# My gelding won't accept new gelding...



## Chiilaa (Aug 12, 2010)

How long have they been in together? 

Basically, the easy answer is to make sure the environment is safe (maybe patch the holes etc) and then let them have at it. They may get a bit bruised and battered, but eventually they will sort out a new pecking order and be fine. The more you intervene in this process, the longer it will take.


----------



## JustDressageIt (Oct 4, 2007)

I hate to be the nay-sayer, but sometimes the herd dynamics just don't work; I'm not surprised to hear that a new gelding wasn't accepted into the herd of two mares and a gelding; unfortunately instinct takes over and even though he can't do anything about it, the original gelding thinks those mares are his and will fight off the new gelding.
_Posted via Mobile Device_


----------



## themacpack (Jul 16, 2009)

Curious, OP, did you know that the gelding felt this way about his mares before you made the purchase of a new horse?
It may be time to cross-fence and separate the horses into two "herds"


----------



## wetrain17 (May 25, 2011)

This is why I always seperate horses by sex. Why not do the same? Start by leaving the girls in and turning the boys out, and then vise versa.


----------



## Chiilaa (Aug 12, 2010)

Read the OP again, and you will see it clear states that separating the horses is not an option.


----------



## Delfina (Feb 12, 2010)

Some horses absolutely will not, no matter what, get along with certain other horses.

I can't pasture my gelding with other geldings. Doesn't matter who they are, where they fall in the pecking order, no matter what, add another gelding or put one on the same fenceline or in the next stall over and it's World War 3. Put him in with mares and he's the low man on the totem pole and it's a calm, peaceful pasture. 

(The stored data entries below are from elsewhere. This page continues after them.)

(* A term [f_i X^i g] of a product has its [n]-th coefficient in [m^(i - n)], because
   [delta] raises the m-adic valuation; hence products of skew power series converge
   coefficientwise, and the ring identities, associativity included, pass to the limit.
   If [s] is the reduced order of [f], then [f = U + V X^s] with [V] a unit and [U] having
   coefficients in [m], so [f = V (X^s + h)] with [h] in [m[[X]]].  A unit [w] such that
   [w (X^s + h)] is distinguished of degree [s] is the fixed point of a contraction, and
   exists by completeness; then [f = (V w^-1) (w (X^s + h))].  For uniqueness, if [u F = F']
   with [u] a unit and [F], [F'] distinguished, comparing coefficients gives [deg F = deg F']
   and puts [u - 1] in every [m^k], so [u = 1] by separatedness. *)

From mathcomp Require Import all_boot all_algebra.
From mathcomp Require Import zify.
From Stdlib Require Import ClassicalEpsilon FunctionalExtensionality.
Set Implicit Arguments. Unset Strict Implicit. Unset Printing Implicit Defensive.
Import GRing.Theory.
Local Open Scope ring_scope.

Section Weierstrass.
Variable R : unitRingType.
Hypothesis Hloc : local_ring R.
Hypothesis Hsep : madic_separated R.
Hypothesis Hcomp : madic_complete R.

Lemma m0 : in_m (0 : R). Proof. by case: Hloc. Qed.

Lemma mD (x y : R) : in_m x -> in_m y -> in_m (x + y).
Proof. by case: Hloc => _ [+ _]; apply. Qed.

Lemma mN (x : R) : in_m x -> in_m (- x).
Proof. by case: Hloc => _ [_ [+ _]]; apply. Qed.

Lemma mMl (r x : R) : in_m x -> in_m (r * x).
Proof. by case: Hloc => _ [_ [_ H]] /(H r) []. Qed.

Lemma mMr (r x : R) : in_m x -> in_m (x * r).
Proof. by case: Hloc => _ [_ [_ H]] /(H r) []. Qed.

Lemma unitr_nm (x : R) : ~ in_m x -> x \is a GRing.unit.
Proof. by move=> H; apply/negPn/negP. Qed.

Lemma nm_unitr (x : R) : x \is a GRing.unit -> ~ in_m x.
Proof. by move=> Hx /negP. Qed.

Lemma unitrDm (a x : R) : a \is a GRing.unit -> in_m x -> a + x \is a GRing.unit.
Proof.
move=> Ha Hx; apply: unitr_nm => H; apply: (nm_unitr Ha).
by have := mD H (mN Hx); rewrite addrK.
Qed.

Lemma unitr_1Bm (x : R) : in_m (1 - x) -> x \is a GRing.unit.
Proof. by move=> H; rewrite -[x](subKr 1); apply: unitrDm (unitr1 _) (mN H). Qed.
(* Consider the version of the jelly–labour model with money described in the context, in which the total amount of money $M=m^{(H)}_t+m^{(F)}_t$ is constant over time. Then the viability closure is constant over time, and for every $t$ the viable region at time $t$ is a subset of the viability closure.
   Context: Model (version with money as a pure store of value). There are an aggregate household and an aggregate firm, and two goods: labour (the numéraire, wage $w=1$; one unit of money always has the value of one unit of labour) and a consumption good called jelly. Parameters: $\alpha,\beta>0$, $0<\gamma<1$, labour force $L_f>0$. The firm has production function $J=L^\gamma$ and expected demand function $\phi_t(J)=z_t/J^{\zeta_t}$ (parameters updated every period). At time $t$ the household holds money $m^{(H)}_t\ge0$ and the firm holds money $m^{(F)}_t\ge0$. One period $t\to t+1$ proceeds as follows. (1) The firm chooses $L^{(D)}_{t+1}=\arg\min_L|L^\gamma\phi_t(L^\gamma)-L|$ subject to $0\le L\le L_f$ and the budget limitation $L\le m^{(F)}_t$. It sets the price $p_{t+1}=\phi_t((L^{(D)}_{t+1})^\gamma)$. (2) The household supplies $L^{(S)}_{t+1}=\frac{\beta}{\alpha+\beta}L_f$. (3) Transacted labour is $L^{(M)}_{t+1}=\min\{L^{(D)}_{t+1},L^{(S)}_{t+1}\}$. (4) The jelly supply is $J^{(S)}_{t+1}=(L^{(M)}_{t+1})^\gamma$. (5) The household demands $J^{(D)}_{t+1}=\min\{\frac{\beta}{\alpha+\beta}\frac{L_f}{p_{t+1}},\frac{m^{(H)}_t}{p_{t+1}}\}$, i.e. it faces the budget limitation given by its money holdings. (6) Transacted jelly is $J^{(M)}_{t+1}=\min\{J^{(D)}_{t+1},J^{(S)}_{t+1}\}$. (7) The money holdings update as $m^{(F)}_{t+1}=m^{(F)}_t+p_{t+1}J^{(M)}_{t+1}-L^{(M)}_{t+1}$ and $m^{(H)}_{t+1}=m^{(H)}_t-p_{t+1}J^{(M)}_{t+1}+L^{(M)}_{t+1}$. (8) The firm updates its expectations. The agents' budgets are their money holdings: $B^{(F)}_t=m^{(F)}_t$ and $B^{(H)}_t=m^{(H)}_t$. The economic state at time $t$ is $e_t=(L^{(D)}_t,L^{(S)}_t,J^{(D)}_t,J^{(S)}_t,p_t)$. The viable region at time $t$ is the set of economic states that could be reached at time $t+1$ without violating the agents' budget limitations. The viability closure is the set of economic states that would be viable if both agents had the full amount $M$ at their disposal when making their decisions about supply, demand and prices. *)

From HB Require Import structures.
From mathcomp Require Import all_boot all_order all_algebra.
From mathcomp Require Import all_classical all_reals all_analysis.
Set Implicit Arguments. Unset Strict Implicit. Unset Printing Implicit Defensive.
Import Order.TTheory GRing.Theory Num.Theory.
Local Open Scope ring_scope.
Local Open Scope classical_set_scope.

Record econ_state (R : realType) := EconState {
  LD : R; LS : R; JD : R; JS : R; price : R }.

Definition phi (R : realType) (z zeta J : R) : R := z / (J `^ zeta).

Definition supply (R : realType) (alpha beta Lf : R) : R := beta / (alpha + beta) * Lf.

Definition firm_choice (R : realType) (gamma Lf z zeta mF L : R) : Prop :=
  [/\ 0 <= L <= Lf, L <= mF &
      forall L', 0 <= L' <= Lf -> L' <= mF ->
        `| L `^ gamma * phi z zeta (L `^ gamma) - L |
          <= `| L' `^ gamma * phi z zeta (L' `^ gamma) - L' | ].

(* One period t -> t+1, steps (1)-(7): from money holdings (mF, mH) and expectation
   parameters (z, zeta) at time t to the state e' and holdings (mF', mH') at t+1. *)
Definition period (R : realType) (alpha beta gamma Lf z zeta mF mH : R)
    (e' : econ_state R) (mF' mH' : R) : Prop :=
  let LM := Num.min (LD e') (LS e') in
  let JM := Num.min (JD e') (JS e') in
  firm_choice gamma Lf z zeta mF (LD e') /\
  price e' = phi z zeta ((LD e') `^ gamma) /\
  LS e' = supply alpha beta Lf /\
  JS e' = LM `^ gamma /\
  JD e' = Num.min (supply alpha beta Lf / price e') (mH / price e') /\
  mF' = mF + price e' * JM - LM /\
  mH' = mH - price e' * JM + LM.

(* A trajectory of the model: expectation parameters z, zeta are updated by an
   arbitrary rule (step (8)), all periods follow steps (1)-(7). *)
Definition trajectory (R : realType) (alpha beta gamma Lf : R) (z zeta : nat -> R)
    (mF mH : nat -> R) (e : nat -> econ_state R) : Prop :=
  forall t : nat, period alpha beta gamma Lf (z t) (zeta t) (mF t) (mH t)
                    (e t.+1) (mF t.+1) (mH t.+1).

(* Economic states reachable (structurally) in one period when the firm has budget BF
   and the household budget BH, and respecting these budget limitations:
   labour demand L^(D) <= B^(F), jelly expenditure p J^(D) <= B^(H). *)
Definition viable_set (R : realType) (alpha beta gamma Lf BF BH : R) : set (econ_state R) :=
  [set e | (0 <= LD e <= Lf) /\
            LS e = supply alpha beta Lf /\
            JS e = (Num.min (LD e) (LS e)) `^ gamma /\
            0 <= price e /\ 0 <= JD e /\
            price e * JD e <= supply alpha beta Lf /\
            (LD e <= BF /\ price e * JD e <= BH)].

Definition viable_region (R : realType) (alpha beta gamma Lf : R) (mF mH : nat -> R)
    (t : nat) : set (econ_state R) :=
  viable_set alpha beta gamma Lf (mF t) (mH t).

Definition viability_closure (R : realType) (alpha beta gamma Lf : R) (mF mH : nat -> R)
    (t : nat) : set (econ_state R) :=
  viable_set alpha beta gamma Lf (mF t + mH t) (mF t + mH t).

From HB Require Import structures.
From mathcomp Require Import all_boot all_order all_algebra.
From mathcomp Require Import all_classical all_reals all_analysis.
From mathcomp Require Import ring lra.
Set Implicit Arguments. Unset Strict Implicit.
Import Order.TTheory GRing.Theory Num.Theory.
Local Open Scope ring_scope.
Local Open Scope classical_set_scope.

(* Each period only moves money between the two agents, so M_t is constant and the
   viability closure, which depends on the budgets only through M_t, is constant.
   The budget limitations of steps (1) and (5) keep both holdings nonnegative, so
   each holding is at most M_t; since enlarging the budgets enlarges the viable set,
   the viable region lies in the closure. *)

Lemma mulr_le_of_le_div (R : realFieldType) (p b x : R) :
  0 <= p -> 0 <= b -> x <= b / p -> p * x <= b.
Proof.
rewrite le_eqVlt => /orP[/eqP <- b0 _|p0 _ xb]; first by rewrite mul0r.
by rewrite mulrC -ler_pdivlMr.
Qed.

Lemma phi_ge0 (R : realType) (z zeta J : R) : 0 <= z -> 0 <= phi z zeta J.
Proof. by move=> z0; rewrite /phi divr_ge0 // powR_ge0. Qed.

Lemma supply_ge0 (R : realType) (alpha beta Lf : R) :
  0 <= alpha -> 0 <= beta -> 0 <= Lf -> 0 <= supply alpha beta Lf.
Proof. by move=> a0 b0 L0; rewrite /supply !mulr_ge0 // invr_ge0 addr_ge0. Qed.

Lemma viable_set_subset (R : realType) (alpha beta gamma Lf BF BH BF' BH' : R) :
  BF <= BF' -> BH <= BH' ->
  viable_set alpha beta gamma Lf BF BH `<=` viable_set alpha beta gamma Lf BF' BH'.
Proof.
move=> hF hH e [LD0 [LS0 [JS0 [p0 [JD0 [pJS [LDF pJH]]]]]]].
by do 6 split=> //; split; [exact: le_trans hF|exact: le_trans hH].
Qed.

Section Period.
Variables (R : realType) (alpha beta gamma Lf z zeta mF mH : R).
Variables (e' : econ_state R) (mF' mH' : R).
Hypothesis hperiod : period alpha beta gamma Lf z zeta mF mH e' mF' mH'.

Lemma period_money_conserved : mF' + mH' = mF + mH.
Proof. by case: hperiod => _ [_ [_ [_ [_ [-> ->]]]]]; ring. Qed.

Lemma period_money_ge0 :
  0 <= alpha -> 0 <= beta -> 0 <= Lf -> 0 <= z -> 0 <= mF -> 0 <= mH ->
  0 <= mF' /\ 0 <= mH'.
Proof.
move=> a0 b0 Lf0 z0 mF0 mH0.
case: hperiod => [[/andP[LD0 _] LDF _] [hp [hLS [hJS [hJD [-> ->]]]]]].
have S0 := supply_ge0 a0 b0 Lf0.
have p0 : 0 <= price e' by rewrite hp phi_ge0.
set LM := Num.min (LD e') (LS e'); set JM := Num.min (JD e') (JS e').
have LM0 : 0 <= LM by rewrite le_min LD0 hLS S0.
have LMF : LM <= mF by rewrite ge_min LDF.
have JM0 : 0 <= JM by rewrite le_min hJD hJS powR_ge0 le_min !divr_ge0.
have pJM0 : 0 <= price e' * JM by rewrite mulr_ge0.
have pJMH : price e' * JM <= mH.
  by apply: mulr_le_of_le_div => //; rewrite ge_min hJD !ge_min lexx !orbT.
by split; lra.
Qed.

End Period.

Section Trajectory.
Variables (R : realType) (alpha beta gamma Lf : R) (z zeta mF mH : nat -> R).
Variable e : nat -> econ_state R.
Hypothesis htraj : trajectory alpha beta gamma Lf z zeta mF mH e.

Lemma trajectory_money_conserved t : mF t + mH t = mF 0%N + mH 0%N.
Proof. by elim: t => [//|t IH]; rewrite (period_money_conserved (htraj t)). Qed.

Lemma trajectory_money_ge0 :
  0 <= alpha -> 0 <= beta -> 0 <= Lf -> (forall t, 0 <= z t) ->
  0 <= mF 0%N -> 0 <= mH 0%N -> forall t, 0 <= mF t /\ 0 <= mH t.
Proof.
move=> a0 b0 Lf0 z0 mF0 mH0; elim=> [//|t [mFt mHt]].
exact: period_money_ge0 (htraj t) a0 b0 Lf0 (z0 t) mFt mHt.
Qed.

End Trajectory.

Theorem proposition4 (R : realType) (alpha beta gamma Lf : R)
  (halpha : 0 < alpha) (hbeta : 0 < beta) (hgamma0 : 0 < gamma) (hgamma1 : gamma < 1)
  (hLf : 0 < Lf)
  (z zeta : nat -> R) (hz : forall t, 0 < z t)
  (mF mH : nat -> R) (e : nat -> econ_state R)
  (hmF0 : 0 <= mF 0%N) (hmH0 : 0 <= mH 0%N)
  (htraj : trajectory alpha beta gamma Lf z zeta mF mH e) :
  (forall t : nat, viability_closure alpha beta gamma Lf mF mH t
                   = viability_closure alpha beta gamma Lf mF mH 0%N) /\
  (forall t : nat, viable_region alpha beta gamma Lf mF mH t
                   `<=` viability_closure alpha beta gamma Lf mF mH t).
Proof.
split=> t; first by rewrite /viability_closure (trajectory_money_conserved htraj).
have [mFt mHt] : 0 <= mF t /\ 0 <= mH t.
  apply: (trajectory_money_ge0 htraj (ltW halpha) (ltW hbeta) (ltW hLf) _ hmF0 hmH0).
  by move=> s; exact: ltW.
rewrite /viable_region /viability_closure.
by apply: viable_set_subset; [rewrite lerDl | rewrite lerDr].
Qed.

If separating the horses is not an option, I'd suggest you start saving for Vet Bills. You are either going to spend the $$$ on the Vet or on more fencing if this continues.


----------



## themacpack (Jul 16, 2009)

Chiilaa said:


> Read the OP again, and you will see it clear states that separating the horses is not an option.


That doesn't change teh fact that that may be the only solution


----------



## Kayella (Feb 11, 2012)

We're not even sure how long they've been together. From what it sounds like, just two days. And there was a slight improvement in those two days. Now if it's been a couple months and the gelding is still attacking, then there is a problem.


----------



## waresbear (Jun 18, 2011)

I wouldn't risk it! You can play around with herd dynamics but I stand by my saying "Mares make geldings do stupid things"!
_Posted via Mobile Device_


----------



## themacpack (Jul 16, 2009)

OP, what sort of introduction process did you use when bringing the new horse into the mix?


----------